Available data:
Lemma walk_cat a s t : walk e a (s ++ t) <-> walk e a s /\ walk e (last a s) t.
Proof. by elim: s a => [|b s IH] a /=; [tauto | rewrite IH; tauto]. Qed.

Lemma dist_le_refl a : dist_le e a a 0.
Proof. by exists [::]. Qed.

Lemma dist_le_weaken a b n m : dist_le e a b n -> n <= m -> dist_le e a b m.
Proof. by move=> [s [Hw [Hl Hs]]] Hnm; exists s; split=> //; split=> //; lia. Qed.

Lemma dist_le_trans a b c n m :
  dist_le e a b n -> dist_le e b c m -> dist_le e a c (n + m).
Proof.
move=> [s [Hs [Hsl Hsn]]] [t [Ht [Htl Htm]]].
exists (s ++ t); split; first by apply/walk_cat; rewrite Hsl.
by rewrite last_cat Hsl size_cat; split=> //; lia.
Qed.

Lemma dist_le_edge a b : e a b -> dist_le e a b 1.
Proof. by exists [:: b]. Qed.

Lemma walk_nth_dist a s k : walk e a s -> k <= size s ->
  dist_le e a (nth a (a :: s) k) k /\
  dist_le e (nth a (a :: s) k) (last a s) (size s - k).
Proof.
elim: s a k => [|b s IH] a k /=.
  by move=> _; rewrite leqn0 => /eqP ->; split; apply: dist_le_refl.
move=> [Hab Hw]; case: k => [|k] Hk /=.
  by split; [apply: dist_le_refl | exists (b :: s)].
have [Hbm Hml] := IH b k Hw Hk.
rewrite (set_nth_default b a) //; split; last by rewrite subSS.
exact: dist_le_trans (dist_le_edge Hab) Hbm.
Qed.

Lemma on_path_nth (a : T) s k : k <= size s -> on_path (nth a (a :: s) k) a s.
Proof.
elim: s a k => [|b s IH] a [|k] //= Hk; try by left.
by right; rewrite (set_nth_default b a) //; apply: IH.
Qed.

Lemma on_path_index (w a : T) s :
  on_path w a s -> exists2 k, k <= size s & w = nth a (a :: s) k.
Proof.
elim: s a => [|b s IH] a [->|Hw]; try by exists 0.
have [k Hk ->] := IH b Hw.
by exists k.+1; rewrite //= (set_nth_default b a).
Qed.

Lemma walk_nth_edge a s i : walk e a s -> i < size s ->
  e (nth a (a :: s) i) (nth a (a :: s) i.+1).
Proof.
elim: s a i => [|b s IH] a i //= [Hab Hw].
case: i => [|i] //= Hi.
by rewrite !(set_nth_default b a) //; [apply: IH | apply: ltnW].
Qed.

Lemma geodesic_exists : connected e -> forall a b, exists s, geodesic e a s b.
Proof.
move=> Hconn a b.
have [n [[s [Hw [Hl Hs]]] Hmin]] := ex_least_nat (Hconn a b).
exists s; split=> //; split=> // t Ht Htl.
have := Hmin (size t) (ex_intro _ t (conj Ht (conj Htl (leqnn _)))); lia.
Qed.

Lemma geodesic_dist_le a s b : geodesic e a s b -> dist_le e a b (size s).
Proof. by move=> [Hw [Hl _]]; exists s. Qed.

Lemma geodesic_dist_ge a s b : geodesic e a s b -> dist_ge a b (size s).
Proof. by move=> [_ [_ Hmin]] m [t [Ht [Htl Htm]]]; apply: leq_trans (Hmin t Ht Htl) Htm. Qed.

Lemma geodesic_nth a s b k : geodesic e a s b -> k <= size s ->
  let m := nth a (a :: s) k in
  [/\ on_path m a s, dist_le e a m k, dist_le e m b (size s - k),
      dist_ge a m k & dist_ge m b (size s - k)].
Proof.
move=> Hg Hk m.
have [Ham Hmb] := walk_nth_dist (proj1 Hg) Hk.
rewrite (proj1 (proj2 Hg)) in Hmb.
split=> //; first exact: on_path_nth.
  by move=> n Hn; have := geodesic_dist_ge Hg (dist_le_trans Hn Hmb); lia.
by move=> n Hn; have := geodesic_dist_ge Hg (dist_le_trans Ham Hn); lia.
Qed.

Lemma geodesic_short_endpoints a s b w :
  geodesic e a s b -> dist_le e a b 1 -> on_path w a s -> w = a \/ w = b.
Proof.
move=> Hg /(geodesic_dist_ge Hg) Hs /on_path_index [k Hk ->].
case: k Hk => [|k] Hk; first by left.
right; rewrite -(proj1 (proj2 Hg)).
by case: s {Hg} Hs Hk => [|c [|d s]] //=; case: k.
Qed.
Hypothesis open_D : open D.
Hypothesis rho_smooth : smooth_on D P.
Hypothesis Sig_smooth : smooth_on D S.
Hypothesis u_smooth : forall i, smooth_on D (U i).
Hypothesis rho_gt0 : forall t x, I t -> Om x -> 0 < rho t x.
Hypothesis mass : forall t x, I t -> Om x ->
  dt rho t x + \sum_(j < d) dx j (fun s y => rho s y * u s y 0 j) t x = 0.
Hypothesis momentum : forall t x, I t -> Om x -> forall i : 'I_d,
  dt (fun s y => rho s y * u s y 0 i) t x
  + \sum_(j < d) dx j (fun s y => rho s y * u s y 0 i * u s y 0 j
                                   + (i == j)%:R * Sig s y) t x = 0.
Hypothesis igr : forall t x, I t -> Om x ->
  (rho t x)^-1 * Sig t x
  - alpha * \sum_(j < d) dx j (fun s y => (rho s y)^-1 * dx j Sig s y) t x
  = alpha * ((\tr (gradu u t x)) ^+ 2 + \tr (gradu u t x *m gradu u t x)).

Let dP := smooth_on_differentiable rho_smooth.
Let dS := smooth_on_differentiable Sig_smooth.
Let dU i := smooth_on_differentiable (u_smooth i).
Let dU' i k := smooth_on_differentiable_derive (u_smooth i) k.
Let dS' k := smooth_on_differentiable_derive Sig_smooth k.

Lemma density_neq0 [z] : D z -> P z != 0.
Proof. by case=> It Ox; rewrite gt_eqF // rho_gt0. Qed.

Lemma mass_spacetime [z] (Dz : D z) : 'D_tdir P z
  + \sum_(j < d) ('D_(xdir j) P z * U j z + P z * 'D_(xdir j) (U j) z) = 0.
Proof.
case: (Dz) => It Ox; rewrite -[RHS](mass _ _ It Ox) dt_uncurry; congr (_ + _).
by apply: eq_bigr => j _; rewrite dx_uncurry uncurryM (derive_mulf (dP z Dz) (dU j z Dz)).
Qed.

Lemma momentum_spacetime [z] (Dz : D z) i :
  'D_tdir P z * U i z + P z * 'D_tdir (U i) z
  + \sum_(j < d) ((('D_(xdir j) P z * U i z + P z * 'D_(xdir j) (U i) z) * U j z
     + P z * U i z * 'D_(xdir j) (U j) z) + (i == j)%:R * 'D_(xdir j) S z) = 0.
Proof.
case: (Dz) => It Ox; rewrite -[RHS](momentum _ _ It Ox i) dt_uncurry uncurryM.
rewrite (derive_mulf (dP z Dz) (dU i z Dz)); congr (_ + _); apply: eq_bigr => j _.
have dPU := differentiable_mulf (dP z Dz) (dU i z Dz).
rewrite dx_uncurry uncurryD uncurryMl !uncurryM.
have dcS := differentiable_mulf (differentiable_cst ((i == j)%:R : R) z) (dS z Dz).
rewrite (derive_addf (differentiable_mulf dPU (dU j z Dz)) dcS) (derive_mulf dPU (dU j z Dz)).
by rewrite (derive_mulf (dP z Dz) (dU i z Dz)) (derive_scalef _ (dS z Dz)).
Qed.

Lemma velocity_transport [z] (Dz : D z) i :
  material_derive (fun i => U i) (U i) z = - ((P z)^-1 * 'D_(xdir i) S z).
Proof.
exact: momentum_velocity_alg (density_neq0 Dz) (mass_spacetime Dz)
  (momentum_spacetime Dz i).
Qed.

Lemma derive_velocity_transport [z] (Dz : D z) k i :
  'D_(xdir k) ('D_tdir (U i)) z =
  - (\sum_(j < d) ('D_(xdir k) (U j) z * 'D_(xdir j) (U i) z
                  + U j z * 'D_(xdir k) ('D_(xdir j) (U i)) z)
     + 'D_(xdir k) (fun w => (P w)^-1 * 'D_(xdir i) S w) z).
Proof.
pose F1 w := \sum_(j < d) U j w * 'D_(xdir j) (U i) w.
pose F2 w := (P w)^-1 * 'D_(xdir i) S w.
have near_D : \forall w \near z, D w by move: open_D; rewrite openE => /(_ z Dz).
rewrite (@near_eq_derive _ _ _ _ (fun w => - (F1 w + F2 w))); last first.
  apply: filterS near_D => w Dw.
  by rewrite opprD -(velocity_transport Dw i) addrC addrK.
have dF1 : differentiable F1 z.
  by apply: differentiable_sumf => j; apply: differentiable_mulf (dU j z Dz) (dU' i _ z Dz).
have dF2 : differentiable F2 z.
  apply: differentiable_mulf (dS' _ z Dz).
  exact: differentiableV (dP z Dz) (density_neq0 Dz).
rewrite (derive_oppf (differentiableD dF1 dF2)) (derive_addf dF1 dF2).
rewrite (derive_sumf (fun j => differentiable_mulf (dU j z Dz) (dU' i _ z Dz))).
congr (- (_ + _)); apply: eq_bigr => j _.
by rewrite (derive_mulf (dU j z Dz) (dU' i _ z Dz)).
Qed.

Lemma divergence_transport [z] (Dz : D z) :
  material_derive (fun i => U i) divU z =
  - (\sum_(i < d) \sum_(j < d) 'D_(xdir i) (U j) z * 'D_(xdir j) (U i) z)
  - \sum_(i < d) 'D_(xdir i) (fun w => (P w)^-1 * 'D_(xdir i) S w) z.
Proof.
have comm i k l := smooth_on_derive_comm (u_smooth i) k l z open_D Dz.
rewrite /material_derive /divergence (derive_sumf (fun i => dU' i _ z Dz)).
under eq_bigr => i _ do rewrite comm derive_velocity_transport //.
under [X in _ + X]eq_bigr => j _ do rewrite (derive_sumf (fun i => dU' i _ z Dz)).
have -> : \sum_(j < d) U j z * \sum_(i < d) 'D_(xdir j) ('D_(xdir i) (U i)) z
    = \sum_(i < d) \sum_(j < d) U j z * 'D_(xdir i) ('D_(xdir j) (U i)) z.
  rewrite exchange_big /=; apply: eq_bigr => j _; rewrite mulr_sumr.
  by apply: eq_bigr => i _; rewrite comm.
under eq_bigr => i _ do rewrite big_split /=.
by rewrite sumrN !big_split /=; ring.
Qed.

Lemma igr_spacetime [z] (Dz : D z) :
  (P z)^-1 * S z
  - alpha * \sum_(i < d) 'D_(xdir i) (fun w => (P w)^-1 * 'D_(xdir i) S w) z
  = alpha * (divU z ^+ 2
             + \sum_(i < d) \sum_(j < d) 'D_(xdir i) (U j) z * 'D_(xdir j) (U i) z).
Proof.
have trE : \tr (gradu u (lsubmx z 0 0) (rsubmx z)) = divU z.
  by apply: eq_bigr => i _; rewrite mxE dx_uncurry.
have tr2E : \tr (gradu u (lsubmx z 0 0) (rsubmx z) *m gradu u (lsubmx z 0 0) (rsubmx z))
    = \sum_(i < d) \sum_(j < d) 'D_(xdir i) (U j) z * 'D_(xdir j) (U i) z.
  apply: eq_bigr => i _; rewrite mxE; apply: eq_bigr => j _.
  by rewrite mxE [gradu _ _ _ j i]mxE !dx_uncurry mulrC.
have sumE : \sum_(i < d) dx i (fun s y => (rho s y)^-1 * dx i Sig s y)
      (lsubmx z 0 0) (rsubmx z)
    = \sum_(i < d) 'D_(xdir i) (fun w => (P w)^-1 * 'D_(xdir i) S w) z.
  apply: eq_bigr => i _; rewrite dx_uncurry.
  have -> : uncurry (fun s y => (rho s y)^-1 * dx i Sig s y)
      = (fun w => (P w)^-1 * 'D_(xdir i) S w).
    by apply: funext => w; rewrite /uncurry dx_uncurry.
  done.
rewrite -[X in _ - alpha * X]sumE -[X in alpha * (_ + X)]tr2E.
rewrite -[X in alpha * (X ^+ 2 + _)]trE.
by case: Dz => It Ox; exact: igr.
Qed.

Lemma igr_divergence_transport [z] (Dz : D z) :
  alpha * material_derive (fun i => U i) divU z = alpha * divU z ^+ 2 - (P z)^-1 * S z.
Proof.
rewrite divergence_transport //.
set T := \sum_(i < d) \sum_(j < d) _; set Q := \sum_(i < d) _.
by rewrite -[(P z)^-1 * S z](subrK (alpha * Q)) igr_spacetime // -/T; ring.
Qed.

Local Notation KEst :=
  (fun w => 2^-1 * P w * (\sum_(i < d) U i w ^+ 2 + alpha * divU w ^+ 2)).

Lemma differentiable_divergence [z] : D z -> differentiable divU z.
Proof. by move=> Dz; apply: differentiable_sumf => i; apply: dU'. Qed.

Lemma differentiable_kinetic_energy [z] : D z -> differentiable KEst z.
Proof.
move=> Dz; apply: differentiable_mulf.
  exact: differentiable_mulf (differentiable_cst (2^-1 : R) z) (dP z Dz).
apply: differentiableD.
  exact: differentiable_sumf (fun i => differentiable_sqrf (dU i z Dz)).
apply: differentiable_mulf (differentiable_cst alpha z) _.
exact: differentiable_sqrf (differentiable_divergence Dz).
Qed.

Lemma derive_kinetic_energy [z] (Dz : D z) v :
  'D_v KEst z = 2^-1 * 'D_v P z * (\sum_(i < d) U i z ^+ 2 + alpha * divU z ^+ 2)
  + 2^-1 * P z * (\sum_(i < d) 2 * U i z * 'D_v (U i) z
                  + alpha * (2 * divU z * 'D_v divU z)).
Proof.
have dPh := differentiable_mulf (differentiable_cst (2^-1 : R) z) (dP z Dz).
have dU2 i := differentiable_sqrf (dU i z Dz).
have dsq := differentiable_sumf dU2.
have ddiv := differentiable_divergence Dz.
have dadiv := differentiable_mulf (differentiable_cst alpha z) (differentiable_sqrf ddiv).
rewrite (derive_mulf dPh (differentiableD dsq dadiv)) (derive_scalef _ (dP z Dz)).
rewrite (derive_addf dsq dadiv) (derive_sumf dU2).
rewrite (derive_scalef _ (differentiable_sqrf ddiv)) (derive_sqrf ddiv).
by congr (_ + _ * (_ + _)); apply: eq_bigr => i _; rewrite (derive_sqrf (dU i z Dz)).
Qed.

Lemma kinetic_energy_balance [z] (Dz : D z) :
  let KE := fun s y => 2^-1 * rho s y *
              (\sum_(i < d) (u s y 0 i) ^+ 2 + alpha * (divu u s y) ^+ 2) in
  dt KE (lsubmx z 0 0) (rsubmx z)
  + \sum_(j < d) dx j (fun s y => (KE s y + Sig s y) * u s y 0 j)
      (lsubmx z 0 0) (rsubmx z)
  = alpha * rho (lsubmx z 0 0) (rsubmx z) * (divu u (lsubmx z 0 0) (rsubmx z)) ^+ 3.
Proof.
move=> KE; have divuE w : divu u (lsubmx w 0 0) (rsubmx w) = divU w.
  by apply: eq_bigr => i _; rewrite dx_uncurry.
have KEE : uncurry KE = KEst by apply: funext => w; rewrite /uncurry /KE divuE.
have fluxE j : uncurry (fun s y => (KE s y + Sig s y) * u s y 0 j)
    = (fun w => (KEst w + S w) * U j w).
  by apply: funext => w; rewrite /uncurry /KE divuE.
have dKE := differentiable_kinetic_energy Dz.
under eq_bigr => j _ do rewrite dx_uncurry fluxE
  (derive_mulf (differentiableD dKE (dS z Dz)) (dU j z Dz))
  (derive_addf dKE (dS z Dz)) (derive_kinetic_energy Dz).
rewrite dt_uncurry KEE divuE (derive_kinetic_energy Dz).
exact: (energy_balance_alg alpha (P z) ('D_tdir P z) (S z) (divU z) ('D_tdir divU z)
  (fun j => U j z) (fun j => 'D_(xdir j) P z) (fun j => 'D_(xdir j) S z)
  (fun i => 'D_tdir (U i) z) (fun j => 'D_(xdir j) divU z) (fun i j => 'D_(xdir j) (U i) z)
  (density_neq0 Dz) erefl (mass_spacetime Dz) (velocity_transport Dz)
  (igr_divergence_transport Dz)).
Qed.

End PressurelessIGR.

Theorem mainTheorem9 (R : realType) (d : nat) (I : set R) (Om : set 'rV[R]_d)
  (alpha : R) (rho Sig : R -> 'rV[R]_d -> R)
  (u : R -> 'rV[R]_d -> 'rV[R]_d) :
  open I -> open Om -> 0 < alpha ->
  smooth_on (stdom I Om) (uncurry rho) ->
  smooth_on (stdom I Om) (uncurry Sig) ->
  (forall i : 'I_d, smooth_on (stdom I Om) (uncurry (fun s y => u s y 0 i))) ->
  (forall t x, I t -> Om x -> 0 < rho t x) ->
  (* mass *)
  (forall t x, I t -> Om x ->
     dt rho t x + \sum_(j < d) dx j (fun s y => rho s y * u s y 0 j) t x = 0) ->
  (* momentum *)
  (forall t x, I t -> Om x -> forall i : 'I_d,
     dt (fun s y => rho s y * u s y 0 i) t x
     + \sum_(j < d) dx j (fun s y => rho s y * u s y 0 i * u s y 0 j
                                      + (i == j)%:R * Sig s y) t x = 0) ->
  (* IGR equation for Sigma *)
  (forall t x, I t -> Om x ->
     (rho t x)^-1 * Sig t x
     - alpha * \sum_(j < d) dx j (fun s y => (rho s y)^-1 * dx j Sig s y) t x
     = alpha * ((\tr (gradu u t x)) ^+ 2 + \tr (gradu u t x *m gradu u t x))) ->
  let KE := fun s y => 2^-1 * rho s y *
              (\sum_(i < d) (u s y 0 i) ^+ 2 + alpha * (divu u s y) ^+ 2) in
  forall t x, I t -> Om x ->
    dt KE t x + \sum_(j < d) dx j (fun s y => (KE s y + Sig s y) * u s y 0 j) t x
    = alpha * rho t x * (divu u t x) ^+ 3.
Proof.
(* The identity holds for every alpha. *)
move=> oI oOm _ rho_sm Sig_sm u_sm rho_pos mass mom igr KE t x It Ox.
pose z : 'rV[R]_(1 + d) := row_mx t%:M x.
have zt : lsubmx z 0 0 = t by rewrite row_mxKl mxE eqxx mulr1n.
have zx : rsubmx z = x by rewrite row_mxKr.
have Dz : stdom I Om z by split; rewrite /= ?zt ?zx.
rewrite -zt -zx.
exact (kinetic_energy_balance (open_stdom oI oOm) rho_sm Sig_sm u_sm rho_pos
  mass mom igr Dz).
Qed.
(* Work in the cube $[-1,1]^d\subset\mathbb{R}^d$ with the dual cells and shifted dual cells defined in the context. Let $z'=(z'_1,\dots,z'_d)$ have exactly $p$ entries equal to $\bullet$, and $z''$ exactly $q$ entries equal to $\bullet$. Let $I=\{i:z'_i=\bullet\}$ and $J=\{j:z''_j=\bullet\}$. Then: 1. If $I\cap J\neq\emptyset$, then $P^\vee_{z'}\cap\tilde P^\vee_{z''}(\epsilon)=\emptyset$ for every $\epsilon>0$. 2. If $I\cap J=\emptyset$ and for some $k$ one has $\{z'_k,z''_k\}=\{+,-\}$, then $\lim_{\epsilon\to0^+}P^\vee_{z'}\cap\tilde P^\vee_{z''}(\epsilon)$ has dimension lower than $d-p-q$. 3. If for some $k$ either ($z'_k=\bullet$ and $z''_k=+$) or ($z'_k=-$ and $z''_k=\bullet$), then $P^\vee_{z'}\cap\tilde P^\vee_{z''}(\epsilon)=\emptyset$ for every $\epsilon>0$. 4. Suppose $z'_k=z''_k$ whenever both lie in $\{+,-\}$. Suppose further that $z''_k=-$ for every $k$ with $z'_k=\bullet$, and $z'_k=+$ for every $k$ with $z''_k=\bullet$. Then $\lim_{\epsilon\to0^+}P^\vee_{z'}\cap\tilde P^\vee_{z''}(\epsilon)=P^\vee_z$, a $(d-p-q)$-dimensional dual cell. Here $z_k=z'_k=z''_k$ when $z'_k=z''_k\in\{+,-\}$, and $z_k=\bullet$ when $z'_k=\bullet$ or $z''_k=\bullet$.
   Context: For $z\in\{+,-,\bullet\}^d$ with exactly $p$ entries $\bullet$, the dual cell is $$P^\vee_z=\{x\in\mathbb{R}^d: x_i=0 \text{ if } z_i=\bullet,\ x_i\in[0,1]\text{ if }z_i=+,\ x_i\in[-1,0]\text{ if }z_i=-\}.$$ It has dimension $d-p$ and is dual to the $p$-face of $[-1,1]^d$ in which the coordinates with $z_i=\bullet$ vary over $[-1,1]$ and $x_i=z_i$ (read as $\pm1$) otherwise. For $\epsilon>0$ the shifted dual cell is $$\tilde P^\vee_z(\epsilon)=[-1,1]^d\cap\Big\{\epsilon(1,1,\dots,1)+\sum_{i:z_i\neq\bullet}z_it_i\mathbf e_i:\ t_i\ge0\Big\},$$ where $z_i\in\{+,-\}$ is read as $\pm1$ and $\mathbf e_i$ are the standard unit vectors. Limits of sets as $\epsilon\to0^+$ are Hausdorff (Cauchy) limits. *)

From HB Require Import structures.
From mathcomp Require Import all_boot all_order all_algebra.
From mathcomp Require Import reals.
Set Implicit Arguments. Unset Strict Implicit. Unset Printing Implicit Defensive.
Import Order.TTheory GRing.Theory Num.Theory.
Local Open Scope ring_scope.

Inductive sign := Plus | Minus | Bullet.

Definition is_bullet (s : sign) : bool :=
  match s with Bullet => true | _ => false end.

Definition sgnR {R : pzRingType} (s : sign) : R :=
  match s with Plus => 1 | Minus => -1 | Bullet => 0 end.

Definition nbullets (d : nat) (z : 'I_d -> sign) : nat :=
  #|[set i | is_bullet (z i)]|.

Definition dual_cell (R : realType) (d : nat) (z : 'I_d -> sign) (x : 'rV[R]_d) : Prop :=
  forall i, match z i with
            | Bullet => x 0 i == 0
            | Plus => 0 <= x 0 i <= 1
            | Minus => -1 <= x 0 i <= 0
            end.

Problem statement: Produce only the lines from the line containing "rewrite -[X in _" through the line containing "Local Notation KEst", inclusive of both, exactly as they stand in the entries above.

Exercise result:
rewrite -[X in _ - alpha * X]sumE -[X in alpha * (_ + X)]tr2E.
rewrite -[X in alpha * (X ^+ 2 + _)]trE.
by case: Dz => It Ox; exact: igr.
Qed.

Lemma igr_divergence_transport [z] (Dz : D z) :
  alpha * material_derive (fun i => U i) divU z = alpha * divU z ^+ 2 - (P z)^-1 * S z.
Proof.
rewrite divergence_transport //.
set T := \sum_(i < d) \sum_(j < d) _; set Q := \sum_(i < d) _.
by rewrite -[(P z)^-1 * S z](subrK (alpha * Q)) igr_spacetime // -/T; ring.
Qed.

Local Notation KEst :=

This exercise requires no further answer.